STANDARD_HASH : This new SQL routine was introduced with Oracle 12.1. It supports the lapp hash algorithm as DBMS_CRYPTO, but is easier to use in SQL – and much faster. The first parameter is an input rate of any data type except LONG and LOB. The second ( optional ) argument is a string that defines the hashish algorithm. Default is ‘ SHA1 ’, other possible values are ‘ MD5 ’, ‘ SHA256 ’, ‘ SHA384 ’ and ‘ SHA512 ’. The affair can be used directly in SQL :

WITH input_data AS
(SELECT ROWNUM n, STANDARD_HASH(ROWNUM, 'MD5') hash
FROM dual CONNECT BY ROWNUM <= 1000000)
SELECT hash, COUNT(*)
FROM input_data
GROUP BY hash HAVING COUNT(*) > 1;

The statement generates 1 million hash keys without any hashish collisions. This is besides the case for all functions described above ( except ORA_HASH ). The unlike implementations of the Oracle cryptanalytic hash functions are all desirable to generate unique hashish keys, but the performance is different.

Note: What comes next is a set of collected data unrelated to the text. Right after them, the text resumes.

Lemma poly_gauss_ext (k : R) (f g : R -> R) :
  (forall x, f x = g x) -> poly_gauss k f -> poly_gauss k g.
Proof. intros H [p [Hp Hf]]; exists p; split; [exact Hp|]; intros x; rewrite <- H; apply Hf. Qed.

Lemma poly_gauss_add (k : R) (f g : R -> R) :
  poly_gauss k f -> poly_gauss k g -> poly_gauss k (fun x => f x + g x).
Proof.
  intros [p [Hp Hf]] [q [Hq Hg]]; exists (fun x => p x + q x).
  split; [apply poly_fun_add; assumption | intros x; rewrite Hf, Hg; ring].
Qed.

Lemma poly_gauss_scal (k c : R) (f : R -> R) :
  poly_gauss k f -> poly_gauss k (fun x => c * f x).
Proof.
  intros [p [Hp Hf]]; exists (fun x => c * p x).
  split; [apply poly_fun_scal, Hp | intros x; rewrite Hf; ring].
Qed.

Lemma poly_gauss_x2mul (k : R) (f : R -> R) :
  poly_gauss k f -> poly_gauss k (fun x => x ^ 2 * f x).
Proof.
  intros [p [Hp Hf]]; exists (fun x => x * (x * p x)).
  split; [apply poly_fun_xmul, poly_fun_xmul, Hp | intros x; rewrite Hf; ring].
Qed.

Lemma poly_gauss_Derive (k : R) (f : R -> R) :
  poly_gauss k f -> poly_gauss k (Derive f).
Proof.
  intros [p [Hp Hf]]; destruct (poly_fun_is_derive p Hp) as [q [Hq Hd]].
  exists (fun x => q x + 2 * k * (x * p x)); split.
  - apply poly_fun_add; [exact Hq | apply poly_fun_scal, poly_fun_xmul, Hp].
  - intros x; rewrite (Derive_ext f (fun y => p y * exp (k * y ^ 2))) by apply Hf.
    apply is_derive_unique.
    replace ((q x + 2 * k * (x * p x)) * exp (k * x ^ 2))
      with (q x * exp (k * x ^ 2) + p x * (exp (k * x ^ 2) * (k * (2 * x)))) by ring.
    apply (Derive.is_derive_mult p (fun y => exp (k * y ^ 2))); [apply Hd|].
    auto_derive; [exact I | simpl; ring].
Qed.

Lemma poly_gauss_Derive2 (k : R) (f : R -> R) :
  poly_gauss k f -> poly_gauss k (fun x => Derive_n f 2 x).
Proof. intros H; apply poly_gauss_Derive, poly_gauss_Derive, H. Qed.

Lemma poly_gauss_rate_unique (k1 k2 : R) (f : R -> R) :
  k1 < k2 -> poly_gauss k1 f -> poly_gauss k2 f -> forall x, f x = 0.
Proof.
  intros Hk [r [Hr Hfr]] [p [Hp Hfp]].
  assert (Hp0 : forall x, p x = 0).
  { apply (poly_mul_exp_sq_eq_poly_zero (k2 - k1) p r); [lra | exact Hp | exact Hr |].
    intros x; apply Rmult_eq_reg_r with (exp (k1 * x ^ 2)); [|apply Rgt_not_eq, exp_pos].
    rewrite Rmult_assoc, <- exp_plus, <- Hfr, Hfp; f_equal; f_equal; ring. }
  intros x; rewrite Hfp, Hp0; ring.
Qed.

Lemma poly_gauss_x2_vanish (k : R) (f : R -> R) :
  poly_gauss k f -> (forall x, x ^ 2 * f x = 0) -> forall x, f x = 0.
Proof.
  intros [p [Hp Hf]] H.
  assert (Hp0 : forall x, p x = 0).
  { apply (poly_fun_eventually_zero p 1 Hp); intros x Hx.
    specialize (H x); rewrite Hf in H.
    pose proof (exp_pos (k * x ^ 2)) as Hexp.
    assert (Hx2 : 0 < x ^ 2) by (apply pow_lt; lra).
    destruct (Rmult_integral _ _ H) as [Hz | Hz]; [lra|].
    destruct (Rmult_integral _ _ Hz); [assumption | lra]. }
  intros x; rewrite Hf, Hp0; ring.
Qed.
(* Consider an asymptotic regime indexed by the sample size $n\to\infty$, with $p=p_n>n$. Let $X=(X_1,\dots,X_p)\in\mathbb{R}^{n\times p}$ be a random design matrix, and suppose: (A1) (general position) with probability one, for any $k<\min\{n,p\}$, any indices $i_1,\dots,i_{k+1}$ and any signs $\sigma_1,\dots,\sigma_{k+1}\in\{-1,1\}$, the affine span of $\sigma_1X_{i_1},\dots,\sigma_{k+1}X_{i_{k+1}}$ contains no element of $\{\pm X_i: i\neq i_1,\dots,i_{k+1}\}$; (A2) there are positive constants $C_{\min}$ and $K$ (with $n$ divisible by $K$) such that $\lim_{n\to\infty}P\big(\phi_{\min}(n/K)\ge C_{\min}\big)=1$; (A3) there is a positive constant $C_{\max}$ such that $\lim_{n\to\infty}P\big(\phi_{\max}(n)\le C_{\max}\big)=1$. Let the node-wise Lasso tuning parameter satisfy $\lambda_1\ge C_1/\sqrt{n}$ for some constant $C_1>0$. Then $$\lim_{n\to\infty}P\left(\frac{1}{\tilde\tau_1^2}\le \frac{1}{C_{\min}}+\frac{C_{\max}K}{C_1^2}\right)=1.$$
   Context: For $s\ge1$, the restricted maximum and minimum eigenvalues are $\phi_{\max}(s)=\max_{1\le\|z\|_0\le s}\frac{\|Xz\|^2}{n\|z\|^2}$ and $\phi_{\min}(s)=\min_{1\le\|z\|_0\le s}\frac{\|Xz\|^2}{n\|z\|^2}$. Let $X_{-1}$ be $X$ with the first column removed. The node-wise Lasso is $\hat\gamma_1=\arg\min_{\gamma\in\mathbb{R}^{p-1}}\frac1n\|X_1-X_{-1}\gamma\|^2+2\lambda_1\|\gamma\|_1$, and $\tilde\tau_1^2=\frac1n\|X_1-X_{-1}\hat\gamma_1\|^2$. *)

From HB Require Import structures.
From mathcomp Require Import all_boot all_order all_algebra.
From mathcomp Require Import all_classical all_reals all_analysis.
Set Implicit Arguments. Unset Strict Implicit. Unset Printing Implicit Defensive.
Import Order.TTheory GRing.Theory Num.Theory.
Local Open Scope classical_set_scope.
Local Open Scope ring_scope.

Section Defs.
Variable R : realType.

Definition sqnorm (m : nat) (v : 'cV[R]_m) : R := \sum_(i < m) v i 0 ^+ 2.

Definition l1norm (m : nat) (v : 'cV[R]_m) : R := \sum_(i < m) `|v i 0|.

Definition l0norm (m : nat) (v : 'cV[R]_m) : nat := #|[set i | v i 0 != 0]|.

Definition rayleigh (n p : nat) (X : 'M[R]_(n, p)) (z : 'cV[R]_p) : R :=
  sqnorm (X *m z) / (n%:R * sqnorm z).

Definition sparse_quotients (n p : nat) (X : 'M[R]_(n, p)) (s : nat) : set R :=
  [set rayleigh X z | z in [set z : 'cV[R]_p | (1 <= l0norm z <= s)%N]].

Definition phi_max (n p : nat) (X : 'M[R]_(n, p)) (s : nat) : R :=
  sup (sparse_quotients X s).
Definition phi_min (n p : nat) (X : 'M[R]_(n, p)) (s : nat) : R :=
  inf (sparse_quotients X s).

(* first column X_1 and X_{-1} (X with first column removed);
   X has p = q.+1 columns *)
Definition col1 (n q : nat) (X : 'M[R]_(n, q.+1)) : 'cV[R]_n := col ord0 X.
Definition colm1 (n q : nat) (X : 'M[R]_(n, q.+1)) : 'M[R]_(n, q) := col' ord0 X.

Definition nodewise_obj (n q : nat) (X : 'M[R]_(n, q.+1)) (lam : R)
    (g : 'cV[R]_q) : R :=
  n%:R^-1 * sqnorm (col1 X - colm1 X *m g) + 2 * lam * l1norm g.

Definition is_nodewise_lasso (n q : nat) (X : 'M[R]_(n, q.+1)) (lam : R)
    (g : 'cV[R]_q) : Prop :=
  forall g' : 'cV[R]_q, nodewise_obj X lam g <= nodewise_obj X lam g'.

Definition tau1_sq (n q : nat) (X : 'M[R]_(n, q.+1)) (g : 'cV[R]_q) : R :=
  n%:R^-1 * sqnorm (col1 X - colm1 X *m g).

Definition sgn (b : bool) : R := (-1) ^+ b.

Definition general_position (n p : nat) (X : 'M[R]_(n, p)) : Prop :=
  forall k : nat, (k < minn n p)%N ->
  forall (idx : 'I_k.+1 -> 'I_p) (sg : 'I_k.+1 -> bool) (i : 'I_p),
    (forall j, idx j != i) ->
    forall (s : bool) (c : 'I_k.+1 -> R),
      \sum_j c j = 1 ->
      \sum_j c j *: (sgn (sg j) *: col (idx j) X) != sgn s *: col i X.
(* $$\sum_{n=1}^\infty \frac{H_n \binom{2n}{n}}{(n+1)^2\, 2^{2n}} = -\frac{\pi^2}{3} - 4(\log 2)^2 + 8\log 2.$$
   Context: $H_n=\sum_{k=1}^n \frac{1}{k}$ denotes the $n$-th harmonic number and $\binom{2n}{n}$ the central binomial coefficient; $\log$ is the natural logarithm. *)

From Stdlib Require Import Reals.
From Coquelicot Require Import Coquelicot.
Open Scope R_scope.

Fixpoint harmonic (n : nat) : R :=
  match n with
  | O => 0
  | S m => harmonic m + / INR (S m)
  end.

Definition central_binom (n : nat) : R := Binomial.C (2 * n) n.

Definition term (n : nat) : R :=
  harmonic n * central_binom n / ((INR n + 1) ^ 2 * 2 ^ (2 * n)).

(* Write c_n = C(2n, n) / 4^n, so that the summand is c_n H_n / (n + 1)^2.  The
   substitution z = 4t / (1 + t)^2 turns sqrt (1 - z) into (1 - t) / (1 + t), hence
   sum c_n z^n = (1 - z)^(-1/2) into (1 + t) / (1 - t).  Solving, in the variable t,
   the first-order differential equations satisfied by the power series with
   coefficients c_n / n, c_n / n^2, c_n H_n and c_n H_n / n gives
   2 log (1 + t), 2 Li2 t - Li2 (t^2) - 2 log^2 (1 + t), -2 log (1 - t) (1 + t) / (1 - t)
   and 2 Li2 t.  All coefficients are nonnegative, so Abel's theorem and its Tauberian
   converse apply as t -> 1; with Li2 1 = PI^2/6 (Matsuoka's Wallis-integral proof of
   the Basel problem) this gives sum c_n / n = 2 log 2,
   sum c_n / n^2 = PI^2/6 - 2 log^2 2 and sum c_n H_n / n = PI^2/3.  Finally
   c_n H_n / (n + 1)^2 = 2 c_n / n^2 - 2 c_n H_n / n + 4 c_n / n + D_(n-1) - D_n
   with D_n = c_n H_n (2n + 1) (2n + 3) / (n + 1)^2, and D_n -> 0 because
   c_m H_m <= 4 sum_(m < k <= 2m) c_k H_k / k is a tail of a convergent series. *)

From Stdlib Require Import Reals Lra Lia.
From Coquelicot Require Import Coquelicot.
Open Scope R_scope.

Lemma eq_of_is_derive (f g df dg : R -> R) v : 0 <= v -> f 0 = g 0 ->
  (forall t, 0 <= t <= v -> is_derive f t (df t)) ->
  (forall t, 0 <= t <= v -> is_derive g t (dg t)) ->
  (forall t, 0 <= t <= v -> df t = dg t) -> f v = g v.
Proof.
  intros Hv H0 Hf Hg Hfg. destruct (Req_dec v 0) as [->|Hv0]; [exact H0|].
  enough (f 0 - g 0 = f v - g v) by lra.
  apply (eq_is_derive (fun t => f t - g t)); [|lra].
  intros t Ht. replace (@zero R_NormedModule) with (df t - dg t)
    by (rewrite (Hfg t Ht); apply Rminus_diag_eq; reflexivity).
  apply (is_derive_minus f g); auto.
Qed.

Lemma is_series_of_partial_sums (a : nat -> R) (l : R) :
  is_lim_seq (sum_f_R0 a) l -> is_series a l.
Proof.
  intros H. apply (is_lim_seq_ext _ (sum_n a)) in H; [exact H|].
  intros n. now rewrite sum_n_Reals.
Qed.

Lemma is_lim_seq_partial_sums (a : nat -> R) (l : R) :
  is_series a l -> is_lim_seq (sum_f_R0 a) l.
Proof.
  intros H. apply (is_lim_seq_ext (sum_n a)); [|exact H].
  intros n. now rewrite sum_n_Reals.
Qed.

(* Coquelicot's is_series_plus and is_series_scal, in a form that unifies with Rplus
   and Rmult. *)
Lemma is_series_plus_R (a b : nat -> R) (la lb : R) :
  is_series a la -> is_series b lb -> is_series (fun n => a n + b n) (la + lb).
Proof. exact (is_series_plus a b la lb). Qed.

Lemma is_series_scal_R (c : R) (a : nat -> R) (l : R) :
  is_series a l -> is_series (fun n => c * a n) (c * l).
Proof. exact (is_series_scal c a l). Qed.

Lemma is_series_telescope (d : nat -> R) :
  is_lim_seq d 0 -> is_series (fun n => d n - d (S n)) (d O).
Proof.
  intros Hd. apply is_series_of_partial_sums.
  apply (is_lim_seq_ext (fun n => d O - d (S n))).
  - induction n as [|n IH]; simpl; rewrite <- ?IH; ring.
  - apply (is_lim_seq_incr_1 d 0) in Hd.
    pose proof (is_lim_seq_minus' _ _ _ _ (is_lim_seq_const (d O)) Hd) as H.
    now rewrite Rminus_0_r in H.
Qed.

Lemma is_lim_seq_pow (x : nat -> R) k :
  is_lim_seq x 1 -> is_lim_seq (fun m => x m ^ k) 1.
Proof.
  intros Hx. induction k as [|k IH]; simpl.
  - apply is_lim_seq_const.
  - rewrite <- (Rmult_1_l 1). now apply is_lim_seq_mult'.
Qed.

Lemma is_lim_seq_sum_pow (a x : nat -> R) N : is_lim_seq x 1 ->
  is_lim_seq (fun m => sum_f_R0 (fun k => a k * x m ^ k) N) (sum_f_R0 a N).
Proof.
  intros Hx. induction N as [|N IH]; simpl.
  - apply (is_lim_seq_ext (fun _ => a O)); [intros; ring | apply is_lim_seq_const].
  - apply is_lim_seq_plus'; [exact IH|].
    pose proof (is_lim_seq_mult' _ _ _ _ (is_lim_seq_const (a (S N)))
                  (is_lim_seq_pow x (S N) Hx)) as H.
    now rewrite Rmult_1_r in H.
Qed.

Lemma inv_INR_S_range n : 0 < / (INR n + 1) <= 1.
Proof.
  pose proof (pos_INR n). split; [apply Rinv_0_lt_compat; lra|].
  rewrite <- Rinv_1. apply Rinv_le_contravar; lra.
Qed.

Lemma is_lim_seq_inv_INR_S : is_lim_seq (fun n => / (INR n + 1)) 0.
Proof.
  apply (is_lim_seq_inv (fun n => INR n + 1) p_infty); [|discriminate].
  apply (is_lim_seq_ext (fun n => INR (S n))); [intros n; apply S_INR|].
  apply (is_lim_seq_incr_1 INR p_infty), is_lim_seq_INR.
Qed.

Lemma Rabs_lt_1 t : 0 <= t < 1 -> Rabs t < 1.
Proof. intros Ht. rewrite Rabs_pos_eq; lra. Qed.

Section NonnegativeCoefficients.

Variables (a x : nat -> R).
Hypothesis a_ge0 : forall n, 0 <= a n.
Hypothesis x_range : forall m, 0 <= x m < 1.
Hypothesis x_lim : is_lim_seq x 1.

Let pow_x_le1 m k : 0 <= x m ^ k <= 1.
Proof.
  split; [apply pow_le, x_range|].
  rewrite <- (pow1 k). apply pow_incr. pose proof (x_range m). lra.
Qed.

Let term_range m k : 0 <= a k * x m ^ k <= a k.
Proof.
  pose proof (a_ge0 k). pose proof (pow_x_le1 m k). split; nra.
Qed.

Let sum_le_PSeries m N : ex_series (fun k => a k * x m ^ k) ->
  sum_f_R0 (fun k => a k * x m ^ k) N <= PSeries a (x m).
Proof.
  intros Hex. set (b k := a k * x m ^ k).
  assert (Hb : is_series b (PSeries a (x m))) by exact (Series_correct _ Hex).
  apply is_lim_seq_partial_sums in Hb.
  apply (is_lim_seq_le (fun _ => sum_f_R0 b N) (fun n => sum_f_R0 b (n + N))
           (sum_f_R0 b N) (PSeries a (x m))).
  - intros n. induction n as [|n IH]; simpl; [lra|].
    pose proof (term_range m (S (n + N))). unfold b in *. lra.
  - apply is_lim_seq_const.
  - now apply (is_lim_seq_incr_n (sum_f_R0 b) N).
Qed.

Lemma abel_nonneg (A : R) : is_series a A -> is_lim_seq (fun m => PSeries a (x m)) A.
Proof.
  intros HA.
  assert (Hex : forall m, ex_series (fun k => a k * x m ^ k)).
  { intros m. apply (@ex_series_le R_AbsRing R_CompleteNormedModule _ a); [|now exists A].
    intros k. unfold norm; simpl. rewrite Rabs_pos_eq; apply term_range. }
  assert (Hup : forall m, PSeries a (x m) <= A).
  { intros m. rewrite <- (is_series_unique a A HA). apply Series_le; [apply term_range|].
    now exists A. }
  apply is_lim_seq_spec. intros eps.
  apply is_lim_seq_partial_sums, is_lim_seq_spec in HA.
  destruct (HA (pos_div_2 eps)) as [N HN]. specialize (HN N (le_n N)).
  pose proof (is_lim_seq_sum_pow a x N x_lim) as HP. apply is_lim_seq_spec in HP.
  destruct (HP (pos_div_2 eps)) as [M HM].
  exists M. intros m Hm. specialize (HM m Hm).
  pose proof (sum_le_PSeries m N (Hex m)). specialize (Hup m).
  simpl in *. apply Rabs_def1; apply Rabs_def2 in HN; apply Rabs_def2 in HM; lra.
Qed.

Lemma tauber_nonneg (L : R) : (forall m, ex_series (fun k => a k * x m ^ k)) ->
  is_lim_seq (fun m => PSeries a (x m)) L -> is_series a L.
Proof.
  intros Hex HL.
  assert (Hbound : forall N, sum_f_R0 a N <= L).
  { intros N. apply (is_lim_seq_le _ _ _ _ (fun m => sum_le_PSeries m N (Hex m))
                       (is_lim_seq_sum_pow a x N x_lim) HL). }
  assert (Hincr : forall N, sum_f_R0 a N <= sum_f_R0 a (S N)).
  { intros N. rewrite tech5. pose proof (a_ge0 (S N)). lra. }
  destruct (ex_finite_lim_seq_incr _ L Hincr Hbound) as [A HA].
  apply is_series_of_partial_sums in HA.
  replace L with A; [exact HA|].
  apply Rbar_finite_eq. rewrite <- (is_lim_seq_unique _ _ HL).
  symmetry. now apply is_lim_seq_unique, abel_nonneg.
Qed.

End NonnegativeCoefficients.

Lemma CV_radius_ge_1 (a : nat -> R) M :
  (forall n, Rabs (a n) <= M) -> Rbar_le 1 (CV_radius a).
Proof.
  intros HM. apply (proj1 (CV_radius_bounded a)). exists M.
  intros n. now rewrite pow1, Rmult_1_r.
Qed.

Lemma CV_radius_ge_1_unit_interval (a : nat -> R) :
  (forall n, 0 <= a n <= 1) -> Rbar_le 1 (CV_radius a).
Proof.
  intros Ha. apply (CV_radius_ge_1 a 1). intros n.
  specialize (Ha n). rewrite Rabs_pos_eq; lra.
Qed.

Lemma Rabs_lt_CV_radius (a : nat -> R) x :
  Rbar_le 1 (CV_radius a) -> Rabs x < 1 -> Rbar_lt (Rabs x) (CV_radius a).
Proof. intros Ha Hx. destruct (CV_radius a); simpl in *; lra. Qed.

Lemma CV_radius_ge_1_scal (c : R) (a : nat -> R) :
  Rbar_le 1 (CV_radius a) -> Rbar_le 1 (CV_radius (fun n => c * a n)).
Proof.
  intros Ha. destruct (Req_dec c 0) as [->|Hc].
  - apply (CV_radius_ge_1 _ 0). intros n. rewrite Rmult_0_l, Rabs_R0. lra.
  - change (fun n => c * a n) with (PS_scal c a). now rewrite CV_radius_scal.
Qed.

Lemma CV_radius_ge_1_plus (a b : nat -> R) :
  Rbar_le 1 (CV_radius a) -> Rbar_le 1 (CV_radius b) ->
  Rbar_le 1 (CV_radius (fun n => a n + b n)).
Proof.
  intros Ha Hb. apply (Rbar_le_trans _ _ _ (Rbar_min_case _ _ (Rbar_le 1) Ha Hb)).
  apply (CV_radius_plus a b).
Qed.

Lemma CV_radius_mul_INR (a : nat -> R) :
  CV_radius (fun n => INR n * a n) = CV_radius a.
Proof.
  rewrite <- (CV_radius_derive a), <- (CV_radius_incr_1 (PS_derive a)).
  apply CV_radius_ext.
  intros [|n]; simpl; [apply Rmult_0_l | reflexivity].
Qed.

Lemma PS_derive_div_INR (a : nat -> R) n : PS_derive (fun n => a n / INR n) n = a (S n).
Proof. unfold PS_derive. rewrite S_INR. field. pose proof (pos_INR n). lra. Qed.

Lemma CV_radius_div_INR (a : nat -> R) : CV_radius (fun n => a n / INR n) = CV_radius a.
Proof.
  rewrite <- CV_radius_derive, <- (CV_radius_decr_1 a).
  apply CV_radius_ext, PS_derive_div_INR.
Qed.

Lemma PSeries_mul_INR (a : nat -> R) x :
  PSeries (fun n => INR n * a n) x = x * PSeries (PS_derive a) x.
Proof.
  rewrite <- PSeries_incr_1. apply PSeries_ext.
  intros [|n]; simpl; [apply Rmult_0_l | reflexivity].
Qed.

Lemma PSeries_plus_disc (a b : nat -> R) x :
  Rbar_le 1 (CV_radius a) -> Rbar_le 1 (CV_radius b) -> Rabs x < 1 ->
  PSeries (fun n => a n + b n) x = PSeries a x + PSeries b x.
Proof.
  intros Ha Hb Hx.
  apply PSeries_plus; apply CV_radius_inside, Rabs_lt_CV_radius; assumption.
Qed.

Lemma ex_series_disc (a : nat -> R) x :
  Rbar_le 1 (CV_radius a) -> Rabs x < 1 -> ex_series (fun k => a k * x ^ k).
Proof.
  intros Ha Hx. apply ex_series_Rabs, CV_disk_inside, Rabs_lt_CV_radius; assumption.
Qed.

Lemma PSeries_decr_1_disc (a : nat -> R) x :
  Rbar_le 1 (CV_radius a) -> Rabs x < 1 ->
  x * PSeries (fun n => a (S n)) x = PSeries a x - a O.
Proof.
  intros Ha Hx.
  rewrite (PSeries_decr_1 a x) by (apply CV_radius_inside, Rabs_lt_CV_radius; assumption).
  unfold PS_decr_1. ring.
Qed.

Lemma PSeries_one x : Rabs x < 1 -> PSeries (fun _ => 1) x = / (1 - x).
Proof.
  intros Hx. apply is_series_unique.
  apply (is_series_ext (fun n => x ^ n)); [intros n; simpl; ring | now apply is_series_geom].
Qed.

Lemma PSeries_derive_first_order (a b : nat -> R) x :
  Rbar_le 1 (CV_radius a) -> Rbar_le 1 (CV_radius b) -> Rabs x < 1 ->
  (forall n, 2 * PS_derive a n = (2 * INR n + 1) * a n + b n) ->
  2 * (1 - x) * PSeries (PS_derive a) x = PSeries a x + PSeries b x.
Proof.
  intros Ha Hb Hx Hab.
  assert (Hmul : Rbar_le 1 (CV_radius (fun n => INR n * a n))) by now rewrite CV_radius_mul_INR.
  assert (HD : PSeries (PS_derive a) x
                = x * PSeries (PS_derive a) x + / 2 * PSeries a x + / 2 * PSeries b x).
  { rewrite (PSeries_ext _ (fun n => (INR n * a n + / 2 * a n) + / 2 * b n)) at 1
      by (intros n; apply (Rmult_eq_reg_l 2); [rewrite Hab; field | lra]).
    rewrite !PSeries_plus_disc by auto using CV_radius_ge_1_scal, CV_radius_ge_1_plus.
    rewrite PSeries_mul_INR.
    change (fun n => / 2 * a n) with (PS_scal (/ 2) a).
    change (fun n => / 2 * b n) with (PS_scal (/ 2) b).
    now rewrite !PSeries_scal. }
  lra.
Qed.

The question above was used to run all of the available hashish algorithm of the PL/SQL packages and the SQL function. The following table compares the execution times .
Hash runtime
SQL runtime to generate 1 million has keys
As you can see from the performance times, the SQL serve STANDARD_HASH is a lot faster than DBMS_CRYPTO. so, if you decided to use hashish keys in your Data Warehouse and you work with Oracle 12c, the best option is to use the serve STANDARD_HASH. The nonpayment hash algorithm SHA-1 is the best compromise : 160 bits are enough to avoid hash collisions, but the performance is better than with the SHA-2 algorithm. DBMS_CRYPTO should only be used for backward compatibility, and DBMS_OBFUSCATION_TOOLKIT should not be used anymore at all .

Share this:

Like this:

Like

Loading…

Leave a Reply

Your email address will not be published.